Мина не позволила себе рассмеяться над неуклюжим многословием Кина, хотя он почувствовал, что она больше чем удивлена. Его слова повисли в воздухе между ними; ему показалось, что их смысл медленно смешивался с запахом ее духов, но явно не улучшал их букета.

— Усилия? Какое интересное слово, мистер Кин. — Она опустилась в кресло перед окном, напомнив ему этим движением исполнение танца змеи… или настоящую кобру, сворачивающуюся кольцом. Было неестественно тихо, что говорило о полной звуконепроницаемости ее владений. Кин почему-то ожидал услышать приглушенную музыку, что-нибудь романтическое и строгое, исполняемое… вероятнее всего, на арфе.

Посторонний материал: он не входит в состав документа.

(* Let $P$ be a finite set of points in $\mathbb{R}^2$ in general position, and let $u,v$ be adjacent vertices of the convex hull of $P$. Then $|A(u)\cap A(v)|\le 1$.
   Context: Convex layers: $L^1$ is the set of vertices of the convex hull of $P$, $L^2$ the set of vertices of the convex hull of $P\setminus L^1$. A point $p$ is active for a hull point $u\in L^1$ if, upon deleting $u$ from $P$ and recomputing the first and second convex layers, $p$ moves to the first layer; $A(u)$ denotes the set of points active for $u$. *)

From HB Require Import structures.
From mathcomp Require Import all_boot all_order all_algebra.
From mathcomp Require Import finmap.
From mathcomp Require Import boolp.
Set Implicit Arguments. Unset Strict Implicit. Unset Printing Implicit Defensive.
Import Order.TTheory GRing.Theory Num.Theory.
Local Open Scope ring_scope.
Local Open Scope fset_scope.

Section ConvexLayers.
Variable R : realFieldType.

Definition point := (R * R)%type.

Definition orient (a b c : point) : R :=
  (b.1 - a.1) * (c.2 - a.2) - (b.2 - a.2) * (c.1 - a.1).

Definition general_position (P : {fset point}) : Prop :=
  forall a b c, a \in P -> b \in P -> c \in P ->
    a != b -> b != c -> a != c -> orient a b c != 0.

Definition in_hull (S : {fset point}) (p : point) : Prop :=
  exists w : point -> R,
    (forall x, x \in S -> 0 <= w x) /\
    \sum_(x <- S) w x = 1 /\
    \sum_(x <- S) w x * x.1 = p.1 /\
    \sum_(x <- S) w x * x.2 = p.2.

Definition hull_vertex (P : {fset point}) (p : point) : Prop :=
  p \in P /\ ~ in_hull (P `\ p) p.

Definition L1 (P : {fset point}) : {fset point} :=
  [fset p in P | `[< hull_vertex P p >]].

Definition L2 (P : {fset point}) : {fset point} := L1 (P `\` L1 P).

(* p is active for u: deleting u from P, p moves (from the second layer)
   to the first layer *)
Definition active (P : {fset point}) (u p : point) : Prop :=
  p \in L2 P /\ p \in L1 (P `\ u).

Definition A (P : {fset point}) (u : point) : {fset point} :=
  [fset p in P | `[< active P u p >]].

(* u and v are adjacent vertices of conv P: the segment uv is a hull edge,
   i.e. all points of P lie (weakly) on one side of the line uv *)
Definition hull_adjacent (P : {fset point}) (u v : point) : Prop :=
  u != v /\
  ((forall w, w \in P -> 0 <= orient u v w) \/
   (forall w, w \in P -> orient u v w <= 0)).

End ConvexLayers.

From HB Require Import structures.
From mathcomp Require Import all_boot all_order all_algebra.
From mathcomp Require Import finmap.
From mathcomp Require Import boolp.
From mathcomp Require Import ring lra.
Import Order.TTheory GRing.Theory Num.Theory.
Set Implicit Arguments. Unset Strict Implicit. Unset Printing Implicit Defensive.
Local Open Scope fset_scope.
Local Open Scope ring_scope.

(* If [p] is active for [u], then [p] lies in the hull of [P \ {p}] but not
   in that of [P \ {p, u}], so every convex representation of [p] puts
   positive weight on [u].  If [p] is active for both [u] and [v], the weight
   left for [P \ {p, u, v}] is positive as well (by general position), which
   yields a point [r] of conv (P \ {p, u, v}) in the open cone at [p] pointing
   away from [u] and [v].  Every other point [q] of [P] lies in that cone, for
   otherwise [p] is a convex combination of [q], [r] and one of [u], [v].  But
   two points cannot each lie in the other's cone. *)

Lemma cardfs_le1 (K : choiceType) (X : {fset K}) :
  {in X &, forall x y, x = y} -> (#|` X| <= 1)%N.
Proof.
move=> X_eq; have [->|/fset0Pn[p pX]] := eqVneq X fset0.
  by rewrite cardfs0.
rewrite -(cardfs1 p); apply: fsubset_leq_card; apply/fsubsetP => q qX.
by rewrite inE (X_eq q p).
Qed.

Lemma psumr_eq0_wsum (R : numDomainType) (I : eqType) (r : seq I)
    (w F : I -> R) :
  (forall i, i \in r -> 0 <= w i) -> \sum_(i <- r) w i = 0 ->
  \sum_(i <- r) w i * F i = 0.
Proof.
move=> w_ge0 /eqP; rewrite big_seq psumr_eq0 // => /allP w0.
rewrite big_seq big1 // => i ir.
by move/implyP: (w0 i ir) => /(_ ir)/eqP ->; rewrite mul0r.
Qed.

Section ConvexHull.
Variable R : realFieldType.
Implicit Types (S T : {fset point R}) (p x y z : point R).

Lemma in_hull_mem S x : x \in S -> in_hull S x.
Proof.
move=> xS; exists (fun y => if y == x then 1 else 0); split.
  by move=> y _; case: ifP.
have dirac (F : point R -> R) :
    \sum_(y <- S) (if y == x then 1 else 0) * F y = F x.
  rewrite (big_fsetD1 _ xS) /= eqxx mul1r big1_fset ?addr0 //.
  by move=> y; rewrite in_fsetD1 => /andP[/negbTE -> _] _; rewrite mul0r.
split; first by have := dirac (fun _ => 1); under eq_bigr do rewrite mulr1.
by rewrite !dirac.
Qed.

Lemma in_hull_subset S T p : S `<=` T -> in_hull S p -> in_hull T p.
Proof.
move=> sST [w [w_ge0 [w1 [wx wy]]]].
exists (fun x => if x \in S then w x else 0); split.
  by move=> x _; case: ifP => // xS; apply: w_ge0.
have extend (F : point R -> R) :
    \sum_(x <- T) (if x \in S then w x else 0) * F x = \sum_(x <- S) w x * F x.
  rewrite -(big_fset_incl _ sST); last by move=> x _ /negbTE ->; rewrite mul0r.
  by apply: eq_big_seq => x /= ->.
split; last by rewrite !extend.
by have := extend (fun _ => 1); under eq_bigr do rewrite mulr1;
  under [X in _ = X -> _]eq_bigr do rewrite mulr1; move=> ->.
Qed.

Lemma in_hull_weight_gt0 S y p (w : point R -> R) : y \in S ->
  ~ in_hull (S `\ y) p -> (forall x, x \in S -> 0 <= w x) ->
  \sum_(x <- S) w x = 1 -> \sum_(x <- S) w x * x.1 = p.1 ->
  \sum_(x <- S) w x * x.2 = p.2 -> 0 < w y.
Proof.
move=> yS notin w_ge0 w1 wx wy; rewrite lt0r w_ge0 // andbT.
apply/eqP => wy0; apply: notin; exists w; split.
  by move=> x; rewrite in_fsetD1 => /andP[_ /w_ge0].
by rewrite -w1 -wx -wy !(big_fsetD1 _ yS) /= wy0 !mul0r !add0r.
Qed.

Lemma in_hull_wavg S (w : point R -> R) :
  (forall x, x \in S -> 0 <= w x) -> 0 < \sum_(x <- S) w x ->
  in_hull S ((\sum_(x <- S) w x * x.1) / \sum_(x <- S) w x,
             (\sum_(x <- S) w x * x.2) / \sum_(x <- S) w x).
Proof.
move=> w_ge0 W_gt0; exists (fun x => w x / \sum_(x <- S) w x); split.
  by move=> x /w_ge0 wx; rewrite divr_ge0 // ltW.
split; first by rewrite -mulr_suml divff // gt_eqF.
by split; under eq_bigr do rewrite mulrAC; rewrite -mulr_suml.
Qed.

Lemma in_hull_conv3 S x y z p (a b c : R) :
  in_hull S x -> in_hull S y -> in_hull S z ->
  0 <= a -> 0 <= b -> 0 <= c -> a + b + c = 1 ->
  p.1 = a * x.1 + b * y.1 + c * z.1 -> p.2 = a * x.2 + b * y.2 + c * z.2 ->
  in_hull S p.
Proof.
move=> [wx [wx0 [wx1 [wx2 wx3]]]] [wy [wy0 [wy1 [wy2 wy3]]]]
  [wz [wz0 [wz1 [wz2 wz3]]]] a0 b0 c0 abc1 e1 e2.
exists (fun t => a * wx t + b * wy t + c * wz t); split.
  by move=> t tS; rewrite !addr_ge0 // mulr_ge0 // ?wx0 ?wy0 ?wz0.
split; first by rewrite !big_split /= -!mulr_sumr wx1 wy1 wz1 !mulr1.
by rewrite e1 e2; split; under eq_bigr do rewrite !mulrDl -!mulrA;
  rewrite !big_split /= -!mulr_sumr ?wx2 ?wy2 ?wz2 ?wx3 ?wy3 ?wz3.
Qed.

Lemma in_hull_balanced S x y z p (a b c : R) :
  in_hull S x -> in_hull S y -> in_hull S z ->
  0 <= a -> 0 <= b -> 0 <= c -> 0 < a + b + c ->
  a * (x.1 - p.1) + b * (y.1 - p.1) + c * (z.1 - p.1) = 0 ->
  a * (x.2 - p.2) + b * (y.2 - p.2) + c * (z.2 - p.2) = 0 ->
  in_hull S p.
Proof.
move=> hx hy hz a0 b0 c0 N0 e1 e2; set N := a + b + c in N0.
have N_neq0 : N != 0 by rewrite gt_eqF.
apply: (in_hull_conv3 (a := a / N) (b := b / N) (c := c / N) hx hy hz).
- by rewrite divr_ge0 // ltW.
- by rewrite divr_ge0 // ltW.
- by rewrite divr_ge0 // ltW.
- by rewrite -!mulrDl divff.
- rewrite (_ : _ + _ + _ = (a * x.1 + b * y.1 + c * z.1) / N); last by field.
  by apply: (canRL (mulfK N_neq0)); move: e1; rewrite /N; lra.
- rewrite (_ : _ + _ + _ = (a * x.2 + b * y.2 + c * z.2) / N); last by field.
  by apply: (canRL (mulfK N_neq0)); move: e2; rewrite /N; lra.
Qed.

End ConvexHull.

Section Cone.
Variable R : realFieldType.
Implicit Types (p q r u v : point R) (s t : R).

(* [p + s (p - u) + t (p - v)]: for [s, t > 0] this ranges over the open
   cone with apex [p] pointing away from [u] and [v]. *)
Definition cone_pt p u v s t : point R :=
  (p.1 + s * (p.1 - u.1) + t * (p.1 - v.1),
   p.2 + s * (p.2 - u.2) + t * (p.2 - v.2)).

Definition opp_cone p u v q : Prop :=
  exists s t, [/\ 0 < s, 0 < t & q = cone_pt p u v s t].

Lemma cone_ptC p u v s t : cone_pt p u v s t = cone_pt p v u t s.
Proof. by rewrite /cone_pt; congr (_, _); ring. Qed.

Lemma orient_cone_pt_l p u v s t :
  orient p (cone_pt p u v s t) v = - s * orient p u v.
Proof. by rewrite /orient /=; ring. Qed.

Lemma orient_cone_pt_r p u v s t :
  orient p u (cone_pt p u v s t) = - t * orient p u v.
Proof. by rewrite /orient /=; ring. Qed.

Lemma cone_coords p u v q : orient p u v != 0 ->
  exists s t, q = cone_pt p u v s t.
Proof.
move=> D0.
exists (- orient p q v / orient p u v), (- orient p u q / orient p u v).
by case: q => q1 q2; rewrite /cone_pt /orient /=; congr (_, _); field.
Qed.

Lemma opp_cone_asym p q u v : orient p u v != 0 ->
  opp_cone p u v q -> ~ opp_cone q u v p.
Proof.
move=> D0 [s [t [s_gt0 t_gt0 eq]]] [s' [t' [s'_gt0 _ ep]]].
(* Computing [orient q p v] from both apexes forces [s + s' (1 + s + t) = 0]. *)
have : orient q p v = - s' * orient q u v by rewrite {1}ep orient_cone_pt_l.
move/eqP; rewrite -subr_eq0.
rewrite (_ : _ - _ = (s + s' * (1 + s + t)) * orient p u v); last first.
  by rewrite eq /orient /=; ring.
by rewrite mulf_eq0 (negbTE D0) orbF gt_eqF //; nra.
Qed.

(* The weights [s], [- sg] and [s * ta - sg * t] balance [q], [r], [v]
   around [p]. *)
Lemma in_hull_cone_neg (S : {fset point R}) p u v q r s t sg ta :
  in_hull S q -> in_hull S r -> in_hull S v ->
  0 < s -> sg < 0 -> 0 <= s * ta - sg * t ->
  r = cone_pt p u v s t -> q = cone_pt p u v sg ta -> in_hull S p.
Proof.
move=> hq hr hv s_gt0 sg_lt0 c_ge0 er eq.
apply: (in_hull_balanced (a := s) (b := - sg) (c := s * ta - sg * t) hq hr hv).
- exact: ltW.
- by rewrite oppr_ge0 ltW.
- exact: c_ge0.
- lra.
- by rewrite er eq /=; ring.
- by rewrite er eq /=; ring.
Qed.

Lemma cone_coord_gt0 s t sg ta : 0 < s -> 0 < t -> sg != 0 ->
  ~ (sg < 0 /\ 0 <= s * ta - sg * t) -> ~ (ta < 0 /\ 0 <= t * sg - ta * s) ->
  0 < sg.
Proof.
move=> s_gt0 t_gt0 sg0 not_u not_v; rewrite ltNge le_eqVlt negb_or sg0 /=.
apply/negP => sg_lt0; apply: not_u; split => //; rewrite leNgt; apply/negP => c.
by apply: not_v; split; nra.
Qed.

End Cone.

Definition hull_needs (R : realFieldType) (S : {fset point R})
    (u p : point R) : Prop :=
  in_hull (S `\ p) p /\ ~ in_hull (S `\ p `\ u) p.

Section TwoNeededVertices.
Variable R : realFieldType.
Variable P : {fset point R}.
Hypothesis gpP : general_position P.
Variables p u v : point R.
Hypotheses (pP : p \in P) (uP : u \in P) (vP : v \in P).
Hypotheses (pu : p != u) (pv : p != v) (uv : u != v).
Hypotheses (needs_u : hull_needs P u p) (needs_v : hull_needs P v p).

Let S3 := P `\ p `\ u `\ v.

Lemma opposite_point_exists : exists r s t,
  [/\ in_hull S3 r, 0 < s, 0 < t & r = cone_pt p u v s t].
Proof.
move: needs_u needs_v => [[w [w_ge0 [w1 [wx wy]]]] not_u] [_ not_v].
have uS0 : u \in P `\ p by rewrite in_fsetD1 eq_sym pu uP.
have vS0 : v \in P `\ p by rewrite in_fsetD1 eq_sym pv vP.
have vS1 : v \in P `\ p `\ u by rewrite in_fsetD1 eq_sym uv vS0.
have wu_gt0 := in_hull_weight_gt0 uS0 not_u w_ge0 w1 wx wy.
have wv_gt0 := in_hull_weight_gt0 vS0 not_v w_ge0 w1 wx wy.
have w3_ge0 x : x \in S3 -> 0 <= w x.
  by move=> /fsetD1P[_ /fsetD1P[_ /w_ge0]].
have split_uv (F : point R -> R) :
    \sum_(x <- P `\ p) F x = F u + F v + \sum_(x <- S3) F x.
  by rewrite (big_fsetD1 _ uS0) (big_fsetD1 _ vS1) /= addrA.
rewrite split_uv in w1; rewrite split_uv in wx; rewrite split_uv in wy.
set W := \sum_(x <- S3) w x in w1.
set X := \sum_(x <- S3) w x * x.1 in wx.
set Y := \sum_(x <- S3) w x * x.2 in wy.
have W_gt0 : 0 < W.
  rewrite lt0r; apply/andP; split; last by rewrite /W big_seq; apply: sumr_ge0.
  apply/eqP => W0.
  have rest0 F : \sum_(x <- S3) w x * F x = 0 by apply: psumr_eq0_wsum.
  (* otherwise [p] would lie on the segment [u v] *)
  have := @gpP u v p uP vP pP uv; rewrite ![_ == p]eq_sym pu pv => /(_ isT isT).
  apply/negP; rewrite negbK /orient -wx -wy /X /Y !rest0.
  have -> : w v = 1 - w u by move: w1; rewrite W0; lra.
  by apply/eqP; ring.
exists (X / W, Y / W), (w u / W), (w v / W); split; first exact: in_hull_wavg.
- by rewrite divr_gt0.
- by rewrite divr_gt0.
rewrite /cone_pt /= -wx -wy; have -> : w u = 1 - w v - W by lra.
by congr (_, _); field; rewrite gt_eqF.
Qed.

Lemma opp_cone_of_needed q : q \in P -> q != p -> q != u -> q != v ->
  opp_cone p u v q.
Proof.
move=> qP qp qu qv; have pq : p != q by rewrite eq_sym.
have uq : u != q by rewrite eq_sym.
have D0 : orient p u v != 0 := @gpP p u v pP uP vP pu uv pv.
have [r [s [t [hr s_gt0 t_gt0 er]]]] := opposite_point_exists.
have [sg [ta eq]] := cone_coords q D0.
have sg0 : sg != 0.
  have := @gpP p q v pP qP vP pq qv pv.
  by rewrite eq orient_cone_pt_l mulf_eq0 oppr_eq0 negb_or => /andP[].
have ta0 : ta != 0.
  have := @gpP p u q pP uP qP pu uq pq.
  by rewrite eq orient_cone_pt_r mulf_eq0 oppr_eq0 negb_or => /andP[].
have not_u : ~ (sg < 0 /\ 0 <= s * ta - sg * t).
  move=> [sg_lt0 c_ge0]; apply: needs_u.2.
  apply: (in_hull_cone_neg _ _ _ s_gt0 sg_lt0 c_ge0 er eq).
  - by apply: in_hull_mem; rewrite !in_fsetD1 qu qp qP.
  - by apply: in_hull_subset hr; apply: fsubD1set.
  - by apply: in_hull_mem; rewrite !in_fsetD1 eq_sym uv eq_sym pv vP.
have not_v : ~ (ta < 0 /\ 0 <= t * sg - ta * s).
  move=> [ta_lt0 c_ge0]; apply: needs_v.2.
  rewrite cone_ptC in er; rewrite cone_ptC in eq.
  apply: (in_hull_cone_neg _ _ _ t_gt0 ta_lt0 c_ge0 er eq).
  - by apply: in_hull_mem; rewrite !in_fsetD1 qv qp qP.
  - apply: in_hull_subset hr; apply/fsubsetP => x.
    by rewrite !in_fsetD1 => /and4P[-> _ -> ->].
  - by apply: in_hull_mem; rewrite !in_fsetD1 uv eq_sym pu uP.
exists sg, ta; split => //.
- exact: (cone_coord_gt0 s_gt0 t_gt0 sg0 not_u not_v).
- exact: (cone_coord_gt0 t_gt0 s_gt0 ta0 not_v not_u).
Qed.

End TwoNeededVertices.

Section ActivePoints.
Variable R : realFieldType.
Implicit Types (P S : {fset point R}) (p u x : point R).

Lemma mem_L1 S x : x \in L1 S -> x \in S.
Proof. by rewrite inE => /andP[]. Qed.

Lemma active_hull_needs P u p : u \in L1 P -> p \in A P u ->
  [/\ p \in P, p != u & hull_needs P u p].
Proof.
move=> uL; rewrite inE => /andP[pP /asboolP[pL2 pL1]].
have pNL1 : p \notin L1 P by move: pL2 => /mem_L1; rewrite in_fsetD => /andP[].
have pu : p != u by apply: contraNneq pNL1 => ->.
split => //; split.
  apply: contrapT => not_in; move/negP: pNL1; apply.
  by rewrite !inE; apply/andP; split; [exact: pP | apply/asboolP].
move: pL1; rewrite inE => /andP[_ /asboolP[_]].
rewrite (_ : P `\ u `\ p = P `\ p `\ u) //.
by apply/fsetP => x; rewrite !in_fsetD1 andbCA.
Qed.

End ActivePoints.

Theorem lemma1 (R : realFieldType) (P : {fset point R}) (u v : point R) :
  general_position P ->
  u \in L1 P -> v \in L1 P ->
  hull_adjacent P u v ->
  (#|` A P u `&` A P v| <= 1)%N.
Proof.
move=> gpP uL vL [uv _]; have uP := mem_L1 uL; have vP := mem_L1 vL.
apply: cardfs_le1 => p q; rewrite !in_fsetI => /andP[pAu pAv] /andP[qAu qAv].
have [// | pq] := eqVneq p q; exfalso; have qp : q != p by rewrite eq_sym.
have [pP pu needs_pu] := active_hull_needs uL pAu.
have [_ pv needs_pv] := active_hull_needs vL pAv.
have [qP qu needs_qu] := active_hull_needs uL qAu.
have [_ qv needs_qv] := active_hull_needs vL qAv.
apply: (opp_cone_asym (gpP p u v pP uP vP pu uv pv)).
- exact: (opp_cone_of_needed gpP pP uP vP pu pv uv needs_pu needs_pv
           qP qp qu qv).
- exact: (opp_cone_of_needed gpP qP uP vP qu qv uv needs_qu needs_qv
           pP pq pu pv).
Qed.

— Возможно, — елейным голосом заговорил Кин, — джентльмен, с которым вы связаны, не вполне соответствует вашим потребностям. Существуют более тонкие вещи, чем богатство, которыми определяются взаимоотношения мужчины и женщины. Я располагаю убедительными свидетельствами существования другого джентльмена со средствами, который жаждет вашей компании. — Неплохо, подумал он. Исполнение отрепетированного текста прошло почти без изъяна; язык подвел его только на первом слове «джентльмен» — ничего удивительного, если учесть его личные чувства к мужчине, о котором шла речь, — Я готов гарантировать реальное вознаграждение по вашему усмотрению.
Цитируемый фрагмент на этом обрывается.